(* Let $p$ be a prime and let $\lambda=(\lambda_1, \lambda_2, \ldots, \lambda_s)$ be a partition of $d$ with distinct parts $\lambda_1>\lambda_2>\cdots>\lambda_s>0$. Define $$\hat{\lambda}=(\lambda_1^{p-1}, \lambda_2^{p-1}, \ldots, \lambda_s^{p-1}) \vdash (p-1)d,$$ the partition in which each $\lambda_i$ appears exactly $p-1$ times. Then $m(\hat{\lambda})=(p-1)\lambda$, where $m$ is the Mullineux map.
   Context: For a partition $\nu$ and a positive integer $c$, $c\nu$ multiplies every part by $c$. A partition is $p$-regular if no part occurs $p$ or more times. For a $p$-regular partition $\nu$ of $n$, let $D^\nu$ be the simple module over $k\Sigma_n$ ($k$ algebraically closed of characteristic $p$) that is the head of the Specht module $S^\nu$. The Mullineux map $m$ is the bijection on $p$-regular partitions of $n$ defined by $D^\nu \otimes \operatorname{sgn} \cong D^{m(\nu)}$, where $\operatorname{sgn}$ is the sign representation (equivalently, the combinatorial Mullineux bijection). *)

From mathcomp Require Import all_boot.
Set Implicit Arguments. Unset Strict Implicit. Unset Printing Implicit Defensive.

(* A partition is a weakly decreasing sequence of positive integers
   (row lengths of the Young diagram, top row first). *)
Definition is_partition (s : seq nat) : bool :=
  sorted geq s && all (fun x => 0 < x) s.

Definition p_regular (p : nat) (s : seq nat) : bool :=
  all (fun x => count_mem x s < p) s.

(* Number of rim nodes in each row.  Node (i,j) is in the rim iff
   (i+1,j+1) is not in the diagram, so row i contributes
   s_i - s_{i+1} + 1 nodes (s_i nodes for the last row). *)
Fixpoint rim_counts (s : seq nat) : seq nat :=
  match s with
  | [::] => [::]
  | a :: t => (a - head 0 t + (0 < head 0 t)) :: rim_counts t
  end.

(* The p-rim is made of p-segments:
   each segment starts at the rightmost node of a row and takes the next p
   rim nodes (going down/left along the rim), or the rest of the rim if it
   has fewer; the next segment starts at the rightmost node of the row
   below the last row visited by the previous segment.  [rem] is the
   remaining capacity of the current segment. *)
Fixpoint prim_take (p rem : nat) (cs : seq nat) : seq nat :=
  match cs with
  | [::] => [::]
  | c :: cs' =>
      let t := minn rem c in
      t :: prim_take p (if rem - t == 0 then p else rem - t) cs'
  end.

Definition prim_rows (p : nat) (s : seq nat) : seq nat :=
  prim_take p p (rim_counts s).

Definition prim_size (p : nat) (s : seq nat) : nat := sumn (prim_rows p s).

Definition prim_remove (p : nat) (s : seq nat) : seq nat :=
  [seq x <- [seq xt.1 - xt.2 | xt <- zip s (prim_rows p s)] | 0 < x].

Fixpoint msymbol_fuel (fuel p : nat) (s : seq nat) : seq (nat * nat) :=
  match fuel with
  | 0 => [::]
  | f.+1 =>
      if s is [::] then [::]
      else (prim_size p s, size s) :: msymbol_fuel f p (prim_remove p s)
  end.

Definition mullineux_symbol (p : nat) (s : seq nat) : seq (nat * nat) :=
  msymbol_fuel (sumn s) p s.

Definition mullineux_symbol_conj (p : nat) (G : seq (nat * nat)) :=
  [seq (ar.1, ar.1 - ar.2 + ~~ (p %| ar.1)) | ar <- G].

-=-=-

## DIRECTIONS FOR THIS TASK
When you find a line in the records that contains the word "last", copy it.

## WRITTEN SOLUTION
   s_i - s_{i+1} + 1 nodes (s_i nodes for the last row). *)
   below the last row visited by the previous segment.  [rem] is the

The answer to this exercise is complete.